Re: [patch, 2.6.11-rc2] sched: RLIMIT_RT_CPU_RATIO feature

From: Ingo Molnar
Date: Thu Jan 27 2005 - 03:38:54 EST



* Nick Piggin <nickpiggin@xxxxxxxxxxxx> wrote:

> Well in the context of a multi user system, this really is a
> privileged operation. Witness: a normal user isn't even allowed to
> raise the nice priority of a normal task.

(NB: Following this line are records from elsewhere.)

(* With mu, K from negdef_qform_le and qform_le_sqnorm, sqnorm (e + tau G e) is at most
   (1 - 2 tau mu + tau^2 K) sqnorm e; tau := mu / (K + mu^2 + 1) gives tau K <= mu < 1 / tau. *)
Lemma negdef_damped_step_contraction (R : realType) n (G : 'M[R]_n) : negdef G ->
  exists2 tau, 0 < tau & exists2 rho, 0 <= rho < 1 &
    forall e, sqnorm (e + tau *: (G *m e)) <= rho * sqnorm e.
Proof.
move=> ndG; have [mu mu_gt0 G_mu] := negdef_qform_le ndG.
have [K K_ge0 G_K] := qform_le_sqnorm (G^T *m G).
set N := K + mu ^+ 2 + 1; have N_gt0 : 0 < N by rewrite /N; have := sqr_ge0 mu; lra.
have tau_gt0 : 0 < mu / N by rewrite divr_gt0.
have tau_mu_lt1 : mu / N * mu < 1.
  by rewrite mulrAC ltr_pdivrMr // mul1r -expr2 /N; lra.
have tauK : mu / N * K <= mu.
  by rewrite mulrAC ler_pdivrMr // ler_wpM2l ?ltW // /N; have := sqr_ge0 mu; lra.
set tau := mu / N in tau_gt0 tau_mu_lt1 tauK *; clearbody tau.
exists tau => //; exists (1 - tau * mu); first by rewrite subr_ge0 ltW //= ltrBlDr ltrDl mulr_gt0.
move=> e; rewrite sqnorm_addZ sqnorm_mulmx.
have := G_mu e; have := G_K e; have := sqnorm_ge0 e.
set s := sqnorm e; set Q := qform G e; set P := qform _ e => s_ge0 PK Qmu.
have h1 : tau * Q <= - (tau * mu * s) by rewrite -mulrA -mulrN ler_pM2l.
have h2 : tau ^+ 2 * P <= tau * mu * s.
  rewrite expr2 -!mulrA ler_pM2l //; apply: le_trans (ler_wpM2l (ltW tau_gt0) PK) _.
  by rewrite mulrA; exact: ler_wpM2r.
lra.
Qed.

Lemma clip01v_affine_unique_fixed_point (R : realType) n (B : 'M[R]_n) (u : 'cV[R]_n) :
  lyap_diag_stable (B - 1%:M) -> exists! p, clip01v (B *m p + u) = p.
Proof.
move=> [_ [/posdiagP[c -> c_gt0] ndL]].
set C := diag_mx c; set G := C *m (B - 1%:M).
have ndG : negdef G.
  by apply: negdef_symmetric_part; rewrite /G trmx_mul tr_diag_mx.
have [tau tau_gt0 [rho rho_bounds contr]] := negdef_damped_step_contraction ndG.
pose dstep (q b : 'cV[R]_n) := clip01v (q + tau *: (C *m (b - q))).
have dstep_fixed q b : dstep q b = q <-> clip01v b = q.
  have entry i : (q + tau *: (C *m (b - q))) i 0 = q i 0 + tau * c 0 i * (b i 0 - q i 0).
    by rewrite /C mul_diag_mx !mxE mulrA.
  have t_gt0 i : 0 < tau * c 0 i by rewrite mulr_gt0.
  by split=> /colP fix_q; apply/colP => i; move: (fix_q i);
    rewrite !clip01vE entry => /(clip01_damped_fixed _ _ (t_gt0 i)).
pose T p := dstep p (B *m p + u).
have T_contr p q : sqnorm (T p - T q) <= rho * sqnorm (p - q).
  apply: le_trans (sqnorm_clip01v_sub _ _) (le_trans _ (contr (p - q))).
  rewrite opprD addrACA -scalerBr -mulmxBr /G -mulmxA mulmxBl mul1mx [B *m (p - q)]mulmxBr.
  suff -> : B *m p + u - p - (B *m q + u - q) = B *m p - B *m q - (p - q) by [].
  by apply/colP => i; rewrite !mxE; ring.
have [p [Tp T_uniq]] := sqnorm_contraction_unique_fixed_point rho_bounds T_contr.
by exists p; split=> [|q /dstep_fixed/T_uniq //]; exact/dstep_fixed.
Qed.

Note that I think everyone
> agrees here, but I'm just repeating the point.

i've seen this argument repeated a number of times, but i'd like to
point out that with the rlimit set to a sane value, a user can do 'less
damage' to the system via SCHED_FIFO than it could do via nice--20!

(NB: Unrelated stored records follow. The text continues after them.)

(* Let $R$ be an integral domain with field of fractions $K$. If $d_1,\dots,d_n$ ($n\ge1$) are nonzero derivations on $R$ and $D=d_1\circ\cdots\circ d_n$, then $D/j$ (i.e. $x\mapsto D(x)/x$), as a map from the semigroup $R^*$ to $K$, is a generalized polynomial of degree at most $n$. If $R$ has characteristic zero, then $D/j$ has degree exactly $n$.
   Context: Rings are commutative with unit. A derivation on $R$ is a map $d\colon R\to R$ with $d(x+y)=d(x)+d(y)$ and $d(xy)=d(x)y+d(y)x$. $R^*$ is the abelian semigroup $R\setminus\{0\}$ under multiplication; $j$ is the identity map. For $f$ from an abelian semigroup $G$ to an abelian group, $\Delta_g f(x)=f(x\cdot g)-f(x)$ (using $G$'s operation); $f$ is a generalized polynomial if for some $k$, $\Delta_{g_1}\cdots\Delta_{g_{k+1}}f=0$ for all $g_i\in G$; its degree is the least such $k$ (the zero function has degree $-1$). *)

From HB Require Import structures.
From mathcomp Require Import all_boot all_order all_algebra fraction.
Set Implicit Arguments. Unset Strict Implicit. Unset Printing Implicit Defensive.
Import Order.TTheory GRing.Theory Num.Theory.
Local Open Scope ring_scope.

Definition Delta (G : Type) (A : zmodType) (op : G -> G -> G) (g : G)
  (f : G -> A) : G -> A := fun x => f (op x g) - f x.

Definition iterDelta (G : Type) (A : zmodType) (op : G -> G -> G)
  (gs : seq G) (f : G -> A) : G -> A := foldr (Delta op) f gs.

Definition gpoly_deg_le (G : Type) (A : zmodType) (op : G -> G -> G)
  (f : G -> A) (k : nat) : Prop :=
  forall gs : seq G, size gs = k.+1 -> forall x : G, iterDelta op gs f x = 0.

(* f is a generalized polynomial of degree exactly n (n >= 0): degree <= n
   and not degree <= n-1 (for n = 0, "degree <= -1" means f is zero). *)
Definition gpoly_deg_eq (G : Type) (A : zmodType) (op : G -> G -> G)
  (f : G -> A) (n : nat) : Prop :=
  gpoly_deg_le op f n /\
  ~ (if n is m.+1 then gpoly_deg_le op f m else forall x, f x = 0).

Definition nzR (R : idomainType) := {x : R | x != 0}.
Definition nzmul (R : idomainType) (x y : nzR R) : nzR R :=
  exist _ (sval x * sval y) (mulf_neq0 (svalP x) (svalP y)).

Definition is_derivation (R : comPzRingType) (d : R -> R) : Prop :=
  (forall x y, d (x + y) = d x + d y) /\
  (forall x y, d (x * y) = d x * y + d y * x).

Definition comp_list (R : Type) (ds : seq (R -> R)) : R -> R :=
  foldr (fun d acc => d \o acc) id ds.

Definition divj (R : idomainType) (D : R -> R) : nzR R -> {fraction R} :=
  fun x => tofrac (D (sval x)) / tofrac (sval x).

From HB Require Import structures.
From mathcomp Require Import all_boot all_order all_algebra fraction.
From Stdlib Require Import Classical.
Import Order.TTheory GRing.Theory Num.Theory.
Set Implicit Arguments. Unset Strict Implicit. Unset Printing Implicit Defensive.
Local Open Scope ring_scope.

(* Write D_s for the composite of the derivations indexed by s.  The Leibniz rule
   D_s(xg) = sum over the splittings of s into complementary subsequences A, B of
   D_A(x) D_B(g) gives Delta_g (D_s/j) = sum_(B <> [::]) (D_B(g)/g) (D_A/j): a linear
   combination of quotients of strictly shorter composites, so the degree is at
   most |s| by induction.  Only the splittings with |B| = 1 survive |s| - 1
   further differences, whence Delta_g^|s| (D_s/j) = |s|! prod_i d_i(g)/g.  In
   characteristic 0 this is nonzero for g outside every ker d_i, and such g exist:
   if a avoids all but one kernel and b avoids the last, then a + t b avoids all of
   them for all but finitely many integers t. *)

Section GeneralizedPolynomials.
Variables (G : Type) (A : zmodType) (op : G -> G -> G).

(* [gpoly_deg_le op f k] is convertible to [gpoly_deg_lt f k.+1]. *)
Definition gpoly_deg_lt (f : G -> A) (k : nat) : Prop :=
  forall gs : seq G, size gs = k -> forall x, iterDelta op gs f x = 0.

Lemma iterDelta_rcons gs g (f : G -> A) :
  iterDelta op (rcons gs g) f = iterDelta op gs (Delta op g f).
Proof. by rewrite /iterDelta foldr_rcons. Qed.

Lemma eq_iterDelta gs (f h : G -> A) : f =1 h -> iterDelta op gs f =1 iterDelta op gs h.
Proof. by move=> fh; elim: gs => [|g gs IH] x //=; rewrite /Delta !IH. Qed.

Lemma gpoly_deg_ltS (f : G -> A) k :
  (forall g, gpoly_deg_lt (Delta op g f) k) -> gpoly_deg_lt f k.+1.
Proof.
move=> Df_lt; case/lastP => [|gs g] //; rewrite size_rcons => -[gs_k] x.
by rewrite iterDelta_rcons Df_lt.
Qed.

Lemma gpoly_deg_lt_leq (f : G -> A) k m :
  (k <= m)%N -> gpoly_deg_lt f k -> gpoly_deg_lt f m.
Proof.
move=> /subnK <-; elim: (m - k)%N => [|n IH] // f_lt [|g gs] //= [gs_nk] x.
by rewrite /Delta !IH ?subrr.
Qed.

Lemma gpoly_deg_eq_lt (f : G -> A) n :
  gpoly_deg_lt f n.+1 -> ~ gpoly_deg_lt f n -> gpoly_deg_eq op f n.
Proof.
move=> f_lt f_nlt; split=> //; case: n f_lt f_nlt => [|n] _ // f_nlt f0.
by apply: f_nlt => -[].
Qed.

End GeneralizedPolynomials.

Lemma iterDelta_sum (G : Type) (A : pzRingType) (op : G -> G -> G) gs
    (I : Type) (s : seq I) (P : pred I) (c : I -> A) (h : I -> G -> A) x :
  iterDelta op gs (fun y => \sum_(i <- s | P i) c i * h i y) x =
  \sum_(i <- s | P i) c i * iterDelta op gs (h i) x.
Proof.
elim: gs x => [|g gs IH] x //=.
by rewrite /Delta !IH -sumrB; apply: eq_bigr => i _; rewrite mulrBr.
Qed.

Section Splits.
Variable I : eqType.

Fixpoint splits (s : seq I) : seq (seq I * seq I) :=
  if s is i :: s' then
    [seq (i :: p.1, p.2) | p <- splits s'] ++ [seq (p.1, i :: p.2) | p <- splits s']
  else [:: ([::], [::])].

Lemma splits_cons i s :
  splits (i :: s) =
  [seq (i :: p.1, p.2) | p <- splits s] ++ [seq (p.1, i :: p.2) | p <- splits s].
Proof. by []. Qed.

Lemma perm_splits s p : p \in splits s -> perm_eq (p.1 ++ p.2) s.
Proof.
elim: s p => [|i s IH] p /=; first by rewrite inE => /eqP ->.
rewrite mem_cat => /orP[] /mapP[q q_in ->] /=; first by rewrite perm_cons IH.
by rewrite -cat1s perm_catCA perm_cons IH.
Qed.

Lemma size_splits s p : p \in splits s -> (size p.1 + size p.2)%N = size s.
Proof. by move/perm_splits/perm_size; rewrite size_cat. Qed.

Lemma filter_splits_nil s : [seq p <- splits s | nilp p.2] = [:: (s, [::])].
Proof.
elim: s => [|i s IH] //=.
by rewrite filter_cat !filter_map IH (@eq_filter _ _ pred0) ?filter_pred0.
Qed.

Lemma count_splits_size1 s : count (fun p => size p.2 == 1)%N (splits s) = size s.
Proof.
elim: s => [|i s IH] //=; rewrite count_cat !count_map IH.
rewrite (@eq_count _ _ (fun p => nilp p.2)); last by case=> ? [].
by rewrite -size_filter filter_splits_nil addn1.
Qed.

End Splits.

Section AdditiveMaps.
Variables (R : zmodType) (f : R -> R).
Hypothesis fD : {morph f : x y / x + y}.

Lemma additive0 : f 0 = 0.
Proof. by apply: (@addrI _ (f 0)); rewrite -fD !addr0. Qed.

Lemma additive_sum (J : Type) (s : seq J) (F : J -> R) :
  f (\sum_(j <- s) F j) = \sum_(j <- s) f (F j).
Proof. by elim: s => [|j s IH]; rewrite ?big_nil ?additive0 // !big_cons fD IH. Qed.

Lemma additiveMn x n : f (x *+ n) = f x *+ n.
Proof. by elim: n => [|n IH]; rewrite ?mulr0n ?additive0 // !mulrS fD IH. Qed.

End AdditiveMaps.

Section CharacteristicZero.
Variable R : idomainType.
Hypothesis char0 : [pchar R] =i pred0.

Lemma pchar0_natr_inj : injective (fun n : nat => n%:R : R).
Proof.
suff le_inj m n : (m <= n)%N -> m%:R = n%:R :> R -> m = n.
  by move=> m n; case: (leqP m n) => [/le_inj//|/ltnW/le_inj h /esym/h].
move=> le_mn; rewrite -(subnK le_mn) natrD -{1}[m%:R]add0r => /addIr/esym/eqP.
by rewrite (pcharf0P _).1 // => /eqP->.
Qed.

Lemma poly_nonroot_nat (p : {poly R}) : p != 0 -> exists n : nat, ~~ root p n%:R.
Proof.
move=> p_neq0; pose rs := [seq n%:R : R | n <- iota 0 (size p)].
have /allPn[_ /mapP[n _ ->] nroot] : ~~ all (root p) rs.
  apply: contraTN (leqnn (size p)) => rootsP; rewrite -ltnNge.
  by rewrite -[X in (X < _)%N](size_iota 0) -(size_map (fun n => n%:R : R))
    max_poly_roots // map_inj_uniq ?iota_uniq //; exact: pchar0_natr_inj.
by exists n.
Qed.

Lemma linear_poly_neq0 (a b : R) : (a != 0) || (b != 0) -> a%:P + b *: 'X != 0.
Proof.
apply: contraTT => /negPn/eqP ab0; rewrite negb_or !negbK.
have := congr1 (fun q : {poly R} => (q`_0, q`_1)) ab0.
by rewrite !coefE /= mulr0 mulr1 addr0 add0r => -[-> ->]; rewrite eqxx.
Qed.

Lemma exists_common_nonzero (I : eqType) (f : I -> R -> R) (s : seq I) :
  (forall i, {morph f i : x y / x + y}) -> (forall i, exists x, f i x != 0) ->
  exists2 g : R, g != 0 & all (fun i => f i g != 0) s.
Proof.
move=> fD f_nz; elim: s => [|i s [a _ /allP a_nz]]; first by exists 1; rewrite ?oner_neq0.
have [b b_nz] := f_nz i.
pose P := \prod_(j <- i :: s) ((f j a)%:P + (f j b) *: 'X).
have [|t] := @poly_nonroot_nat P.
  rewrite prodf_seq_neq0; apply/allP => j /=; rewrite inE.
  case: eqP => [-> _|_ /a_nz j_nz]; apply: linear_poly_neq0; first by rewrite b_nz orbT.
  by rewrite j_nz.
rewrite /root horner_prod prodf_seq_neq0 => /allP P_nz.
have fg_nz j : j \in i :: s -> f j (a + b *+ t) != 0.
  by move=> /P_nz /=; rewrite !hornerE mulr_natr fD (additiveMn (fD j)).
exists (a + b *+ t); last by apply/allP.
by apply: contraTneq (fg_nz i (mem_head _ _)) => ->; rewrite additive0 ?eqxx.
Qed.

End CharacteristicZero.

Section DerivationQuotients.
Variables (R : idomainType) (I : eqType) (dd : I -> R -> R).
Hypothesis dd_der : forall i, is_derivation (dd i).

Definition dcomp (s : seq I) : R -> R := comp_list (map dd s).

Definition dquo (s : seq I) : nzR R -> {fraction R} := divj (dcomp s).

Lemma dcomp_cons i s x : dcomp (i :: s) x = dd i (dcomp s x).
Proof. by []. Qed.

Lemma dcompM s x y :
  dcomp s (x * y) = \sum_(p <- splits s) dcomp p.1 x * dcomp p.2 y.
Proof.
elim: s => [|i s IH]; first by rewrite big_seq1.
have [ddiD ddiM] := dd_der i.
rewrite splits_cons big_cat /= !big_map -big_split /= !dcomp_cons IH (additive_sum ddiD).
by apply: eq_bigr => p _; rewrite ddiM [X in _ + X]mulrC.
Qed.

Lemma dquo_nil g : dquo [::] g = 1.
Proof. by rewrite /dquo /divj divff // tofrac_eq0; case: g. Qed.

Lemma dquoM s x g :
  dquo s (nzmul x g) = \sum_(p <- splits s) dquo p.1 x * dquo p.2 g.
Proof.
rewrite /dquo /divj /= dcompM tofracM rmorph_sum mulr_suml.
by apply: eq_bigr => p _; rewrite rmorphM mulf_div.
Qed.

Lemma Delta_dquo s g x :
  Delta (@nzmul R) g (dquo s) x =
  \sum_(p <- splits s | ~~ nilp p.2) dquo p.2 g * dquo p.1 x.
Proof.
rewrite /Delta dquoM (bigID (fun p => nilp p.2)) /= -big_filter filter_splits_nil.
rewrite big_seq1 dquo_nil mulr1 addrC addrK.
by apply: eq_bigr => p _; rewrite mulrC.
Qed.

Lemma dquo_deg_lt s : gpoly_deg_lt (@nzmul R) (dquo s) (size s).+1.
Proof.
have [n] := ubnP (size s); elim: n s => // n IH s /ltnSE s_le.
apply: gpoly_deg_ltS => g gs gs_s x.
rewrite (eq_iterDelta _ _ (Delta_dquo s g)) iterDelta_sum big1_seq // => p.
case/andP=> p2_nnil p_in; have p_sz := size_splits p_in.
have p1_lt : (size p.1 < size s)%N by rewrite -p_sz -[X in (X < _)%N]addn0 ltn_add2l lt0n.
by rewrite (gpoly_deg_lt_leq p1_lt (IH _ (leq_trans p1_lt s_le))) ?mulr0.
Qed.

Lemma iterDelta_nseq_dquo s g x :
  iterDelta (@nzmul R) (nseq (size s) g) (dquo s) x =
  (size s)`!%:R * \prod_(i <- s) dquo [:: i] g.
Proof.
have [n] := ubnP (size s); elim: n s x => // n IH s x /ltnSE s_le.
case s_sz: (size s) => [|m]; first by rewrite (size0nil s_sz) /= dquo_nil big_nil mulr1.
rewrite -addn1 nseqD cats1 iterDelta_rcons (eq_iterDelta _ _ (Delta_dquo s g)).
rewrite iterDelta_sum (bigID (fun p => size p.2 == 1)%N) /=.
rewrite [X in _ + X]big1_seq ?addr0 => [|p /andP[/andP[p2_nnil p2_sz] p_in]]; last first.
  have p1_lt : (size p.1 < m)%N.
    by rewrite -ltnS -s_sz -(size_splits p_in) -addn2 leq_add2l ltn_neqAle eq_sym p2_sz lt0n.
  by rewrite (gpoly_deg_lt_leq p1_lt (@dquo_deg_lt p.1)) ?size_nseq ?mulr0.
rewrite [LHS]big_seq_cond (eq_bigr (fun => m`!%:R * \prod_(i <- s) dquo [:: i] g)).
  rewrite -[LHS]big_seq_cond big_const_seq iter_addr_0.
  rewrite (@eq_count _ _ (fun p => size p.2 == 1)%N) => [|[? [|? []]] //].
  by rewrite count_splits_size1 s_sz addn1 factS natrM -mulrA !mulr_natl.
move=> [p1 [|i [|? ?]]] /andP[p_in] //= _.
have p1_sz : size p1 = m by have := size_splits p_in; rewrite s_sz addn1 => -[].
rewrite -p1_sz IH ?p1_sz -?s_sz // -(perm_big _ (perm_splits p_in)) big_cat big_seq1 /=.
by rewrite mulrCA [_ * dquo _ _]mulrC.
Qed.

Lemma dquo_deg_ge s (g : nzR R) :
  [pchar R] =i pred0 -> all (fun i => dd i (sval g) != 0) s ->
  ~ gpoly_deg_lt (@nzmul R) (dquo s) (size s).
Proof.
move=> char0 g_nz /(_ _ (size_nseq (size s) g) g) /eqP.
apply/negP; rewrite iterDelta_nseq_dquo mulf_neq0 //.
  by rewrite -(rmorph_nat (@tofrac R)) tofrac_eq0 (pcharf0P _).1 // -lt0n fact_gt0.
rewrite prodf_seq_neq0; apply/allP => i /(allP g_nz) ddi_nz /=.
by rewrite /dquo /divj mulf_neq0 ?invr_eq0 ?tofrac_eq0 //; case: g {g_nz} ddi_nz.
Qed.

End DerivationQuotients.

Theorem lemma2p4 (R : idomainType) (ds : seq (R -> R)) :
  (0 < size ds)%N ->
  (forall i : 'I_(size ds), is_derivation (nth id ds i) /\ ~ (forall x, nth id ds i x = 0)) ->
  gpoly_deg_le (@nzmul R) (divj (comp_list ds)) (size ds) /\
  ([pchar R] =i pred0 ->
     gpoly_deg_eq (@nzmul R) (divj (comp_list ds)) (size ds)).
Proof.
move=> _ ds_ok; pose dd (i : 'I_(size ds)) := nth id ds i.
pose s := enum 'I_(size ds).
have dd_der i : is_derivation (dd i) := (ds_ok i).1.
have -> : divj (comp_list ds) = dquo dd s.
  by rewrite /dquo /dcomp map_comp val_enum_ord -/(mkseq _ _) mkseq_nth.
have s_sz : size s = size ds := size_enum_ord _.
have deg_le : gpoly_deg_le (@nzmul R) (dquo dd s) (size ds).
  by move: (dquo_deg_lt dd_der (s := s)); rewrite s_sz.
split=> // char0; apply: gpoly_deg_eq_lt => //.
have dd_nz i : exists x, dd i x != 0.
  by have [x /eqP] := not_all_ex_not _ _ (ds_ok i).2; exists x.
have [g g_nz g_common] := exists_common_nonzero char0 s (fun i => (dd_der i).1) dd_nz.
by move: (dquo_deg_ge dd_der (g := exist _ g g_nz) char0 g_common); rewrite s_sz.
Qed.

negative nice levels are a guaranteed way to monopolize the CPU.
SCHED_FIFO with throttling could at most be used to 'steal' CPU time up
to the threshold. Also, if a task 'runs away' in SCHED_FIFO mode it will
be efficiently throttled. While if it 'runs away' in nice--20 mode, it
will take away 95+% of the CPU time quite agressively. Furthermore, more
nice--20 tasks will do much more damage (try thunk.c at nice--20!),
while more throttled SCHED_FIFO tasks only do damage to their own class
- the guaranteed share of SCHED_OTHER tasks (and privileged RT tasks) is
not affected.

so while it is true that in terms of priorities, throttled SCHED_FIFO
trumps all SCHED_OTHER tasks, but in the "potential damage" sense,
"throttled real-time" is less of a privilege than "nice--20".